4: Construction Costs in Your Area Affect Your Rebuild Cost
There are many reasons that your cost to rebuild could increase:
- Adding square footage to a home
- Significantly altering the floor plan of a home
- Renovations to home systems
- Remodels of kitchens and baths
- Finishing basements or attics
- Adding decks, patios or porches
- Upgrading interior/exterior finishes
5: Your Insurance Score Dropped
A key component used to develop your total premium, your insurance score is a lot like your credit score — but for insurance purposes. It’s a calculation based on your likelihood of filing a claim during a given coverage period. And your credit history is actually part of that calculation. Databases that hold details on previous property claims are used to factor your premium. These are some of the same factors that go into building your auto insurance score, as well.

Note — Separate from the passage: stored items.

(* Let $G=(V,E)$ be a finite connected graph with boundary $\partial G\subset V$, let $\alpha\in\Pi(\partial G)$, $p\in[0,1]$, $q>0$. Let $\widetilde E\subset E$ be such that for every $e\in\widetilde E$ there exists a path in $G\cup\alpha$ connecting the two endpoints of $e$ and using only edges of $E\setminus\widetilde E$. Let $\Gamma_{\widetilde E}(e)$ be the collection of such paths, and for $e\in\widetilde E$ set \[\widetilde\varepsilon_e:=|p'-p|\;\mathbb P^G_{\min(p,p')}\big(\exists\gamma\in\Gamma_{\widetilde E}(e)\text{ such that all edges of }\gamma\text{ are open}\big).\] Then: (1) if $p<p'$, then $\phi^\alpha_{G,p,q}\preceq\mathbb P^G_{(p'-\widetilde\varepsilon_e\mathbf 1_{e\in\widetilde E})_e}$; (2) if $p>p'$, then $\mathbb P^G_{(p'+\widetilde\varepsilon_e\mathbf 1_{e\in\widetilde E})_e}\preceq\phi^\alpha_{G,p,q}$.
   Context: Configurations are $\omega\in\{0,1\}^E$; an edge $e$ is open if $\omega(e)=1$, closed otherwise. $\Pi(\partial G)$ denotes the set of partitions of $\partial G$; vertices in the same block of $\alpha$ are called wired. $G\cup\alpha$ is the (multi)graph obtained from $G$ by identifying wired vertices. $k(\omega,\alpha)$ is the number of connected components of the graph with vertex set $V$ and edge set the open edges of $\omega$, after identifying wired vertices. The FK measure is $\phi^\alpha_{G,p,q}(\omega)=Z^{-1}\big(\prod_{e\in E}p^{\omega(e)}(1-p)^{1-\omega(e)}\big)q^{k(\omega,\alpha)}$. Set $p':=\frac{p}{p+q(1-p)}$. $\mathbb P^G_{(p_e)}$ is the product measure on $\{0,1\}^E$ where edge $e$ is open independently with probability $p_e$ ($\mathbb P^G_s$ when $p_e\equiv s$). $\mu\preceq\mu'$ means $\mu(A)\le\mu'(A)$ for all increasing events $A$. *)

From HB Require Import structures.
From mathcomp Require Import all_boot all_order all_algebra.
Set Implicit Arguments. Unset Strict Implicit. Unset Printing Implicit Defensive.
Import Order.TTheory GRing.Theory Num.Theory.
Local Open Scope ring_scope.

(* A finite (multi)graph: vertex type V, edge type E, endpoints [ends e].
   Configurations are finite functions E -> bool (true = open). *)

Section FK.
Variables (V E : finType) (ends : E -> V * V).

Definition joins (e : E) (x y : V) : bool :=
  (((ends e).1 == x) && ((ends e).2 == y)) || (((ends e).1 == y) && ((ends e).2 == x)).

Definition adj : rel V := fun x y => [exists e, joins e x y].

Definition graph_connected : Prop := forall x y : V, connect adj x y.

Definition wired (alpha : {set {set V}}) (x y : V) : bool :=
  [exists A in alpha, (x \in A) && (y \in A)].

(* x and y are the same vertex of G ∪ alpha *)
Definition same_vertex (alpha : {set {set V}}) (x y : V) : bool :=
  (x == y) || wired alpha x y.

Definition open_rel (alpha : {set {set V}}) (w : {ffun E -> bool}) : rel V :=
  fun x y => [exists e, w e && joins e x y] || wired alpha x y.

Definition kcomp (alpha : {set {set V}}) (w : {ffun E -> bool}) : nat :=
  #|[set [set y | connect (open_rel alpha w) x y] | x : V]|.

(* s is (the edge sequence of) a path in G ∪ alpha from x to y *)
Fixpoint walk (alpha : {set {set V}}) (x y : V) (s : seq E) : bool :=
  match s with
  | [::] => same_vertex alpha x y
  | e :: s' => (same_vertex alpha x (ends e).1 && walk alpha (ends e).2 y s')
            || (same_vertex alpha x (ends e).2 && walk alpha (ends e).1 y s')
  end.

Definition in_Gamma (alpha : {set {set V}}) (Et : {set E}) (e : E) (s : seq E) : bool :=
  walk alpha (ends e).1 (ends e).2 s && all (fun f => f \notin Et) s.

(* event {exists γ ∈ Γ_{Et}(e) with all edges open}; paths restricted to
   edge-simple ones (which is no loss for existence) so the event is decidable *)
Definition Gamma_open_event (alpha : {set {set V}}) (Et : {set E}) (e : E)
  : {set {ffun E -> bool}} :=
  [set w : {ffun E -> bool} | [exists n : 'I_(#|E|).+1, exists t : n.-tuple E,
              [&& uniq t, in_Gamma alpha Et e t & all (fun f => w f) t]]].

Variable R : realFieldType.

Definition edge_weight (pe : E -> R) (w : {ffun E -> bool}) : R :=
  \prod_(e : E) (if w e then pe e else 1 - pe e).

Definition prodP (pe : E -> R) (A : {set {ffun E -> bool}}) : R :=
  \sum_(w in A) edge_weight pe w.

Definition FK_weight (alpha : {set {set V}}) (p q : R) (w : {ffun E -> bool}) : R :=
  edge_weight (fun _ => p) w * q ^+ kcomp alpha w.

Definition FK (alpha : {set {set V}}) (p q : R) (A : {set {ffun E -> bool}}) : R :=
  (\sum_(w in A) FK_weight alpha p q w) / (\sum_(w : {ffun E -> bool}) FK_weight alpha p q w).

Definition increasing (A : {set {ffun E -> bool}}) : Prop :=
  forall w w' : {ffun E -> bool}, w \in A -> (forall e, w e ==> w' e) -> w' \in A.

Definition dominated (mu nu : {set {ffun E -> bool}} -> R) : Prop :=
  forall A, increasing A -> mu A <= nu A.

Definition eps_tilde (alpha : {set {set V}}) (Et : {set E}) (p p' : R) (e : E) : R :=
  `|p' - p| * prodP (fun _ => Num.min p p') (Gamma_open_event alpha Et e).

End FK.

Definition pprime (R : realFieldType) (p q : R) : R := p / (p + q * (1 - p)).

From HB Require Import structures.
From mathcomp Require Import all_boot all_order all_algebra.
From mathcomp Require Import ring lra.
Import Order.TTheory GRing.Theory Num.Theory.
Set Implicit Arguments. Unset Strict Implicit. Unset Printing Implicit Defensive.

(* Closing an edge e changes the number of clusters by at most one, so under
   phi = phi^alpha_{G,p,q} the conditional probability that e is open, given all
   other edges, is p when the endpoints of e are joined without e and p' otherwise.
   It thus always lies between p and p', and equals p on the event A_e that some
   path of Gamma(e) is open.  A sequential coupling compares phi with a product
   measure edge by edge: it suffices that, for an enumeration of the edges, each
   edge is open with conditional probability at most (resp. at least) its product
   rate given the edges enumerated before it.  Enumerate the edges of E~ first.
   For e in E~ the edges outside E~ are then not yet conditioned upon; as A_e is
   increasing and only depends on them, and their conditional law dominates the
   product measure of parameter min(p,p'), the conditional probability of A_e is
   at least P_min(p,p')(A_e), which yields the rates p' -+ eps~_e. *)

(** * Counting connected components *)

Section Components.
Variable V : finType.
Implicit Types (rr : rel V) (a b x y : V).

If you improve your credit score, you can help to minimize annual home insurance price increase
6: The COVID-19 pandemic has had a devastating impact on our world. In the U.S., industries such as travel, hospitality and auto manufacturing experienced widespread economic challenges. The building industry was also particularly affected.
Does inflation affect my home insurance premium?
Yes, inflation has an impact on your insurance premium, due to the impact on replacement cost. In a typical year, insurance companies account for about a 2% to 3% increase to address standard inflation. This year, economic disruption and challenges in the home-building industry are impacting supply and demand and resulting in much higher inflation factors, and subsequently affecting insurance premiums. Many homeowners will see larger increases as a result.
How to save on your auto insurance:
- Check for any auto insurance discounts you may qualify for
- Maintain a good driving record or participate in a safe driving program like RightTrack
- Explore payment options like automatic payments or paying for the year in full
- Increase your deductible
- Bundle with your home insurance and save
Is the economic slowdown due to the COVID-19 pandemic increasing home insurance costs?
These days, it seems the pandemic is having an impact on everything. While the pandemic is impacting the economy, it’s the economic impacts on the building industry and resulting supply and demand imbalances contributing to inflation driving home insurance premiums up.
The current rate of inflation requires that we increase Coverage A values to guard against underinsurance. Because of this, many will see a higher-than-normal increase in their homeowners premium. This coverage increase will help you assure that, in the event of a loss, the limits on your policy more adequately reflect the expected costs to repair or rebuild your home.